(* Let $h\ge1$ be real. There is a unique sequence of positive real numbers $(r_n)_{n\ge1}$ satisfying $$r_n=hn-1+\frac{n^2}{r_{n+1}}\qquad\text{for all } n\ge1.$$ Moreover, this sequence satisfies, for all $n\ge1$, $$0<r_n-\alpha n+c<\frac{(\alpha-c)(c-1)}{\alpha n},$$ where $\alpha=\dfrac{h+\sqrt{h^2+4}}{2}$ and $c=\dfrac{1+\alpha}{2\alpha-h}=\dfrac12+\dfrac{h+2}{2\sqrt{h^2+4}}$. *)

From Stdlib Require Import Reals.
Open Scope R_scope.

(* A sequence (r_n)_{n>=1} is represented by r : nat -> R; only indices n >= 1 matter. *)
Definition good_seq (h : R) (r : nat -> R) : Prop :=
  forall n : nat, (1 <= n)%nat ->
    0 < r n /\ r n = h * INR n - 1 + (INR n)^2 / r (S n).

Definition alpha (h : R) : R := (h + sqrt (h^2 + 4)) / 2.
Definition cst (h : R) : R := (1 + alpha h) / (2 * alpha h - h).

(* Write [a] for alpha and [T_n y = h n - 1 + n^2 / y], so that the recursion reads
   [r_n = T_n r_(n+1)].  The interval [J_n = [a n - c, a n - c + w_n]] with
   [w_n = (a - c)(c - 1) / (a n)] satisfies [T_n J_(n+1) ⊆ J_n], and on [J_(n+1)] the
   decreasing map [T_n] is a contraction with ratio [1 / a^2].  Hence the backward
   iterates [T_n ∘ ... ∘ T_(n+k-1)] of the left endpoints converge to a solution lying
   in every [J_n], which gives the bounds.  If [r'] is another positive solution, then
   [r'_(n+1) > n], so [d = r' - r] satisfies [|d_(n+1)| >= a |d_n|]; as [d_n = O(n)],
   this forces [d = 0]. *)

From Stdlib Require Import Reals Lra Lia Psatz.
Open Scope R_scope.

++++++

Work to be completed: Show every line from the entries that includes the word "sqrt".

Solution to the problem:
(* Let $h\ge1$ be real. There is a unique sequence of positive real numbers $(r_n)_{n\ge1}$ satisfying $$r_n=hn-1+\frac{n^2}{r_{n+1}}\qquad\text{for all } n\ge1.$$ Moreover, this sequence satisfies, for all $n\ge1$, $$0<r_n-\alpha n+c<\frac{(\alpha-c)(c-1)}{\alpha n},$$ where $\alpha=\dfrac{h+\sqrt{h^2+4}}{2}$ and $c=\dfrac{1+\alpha}{2\alpha-h}=\dfrac12+\dfrac{h+2}{2\sqrt{h^2+4}}$. *)
Definition alpha (h : R) : R := (h + sqrt (h^2 + 4)) / 2.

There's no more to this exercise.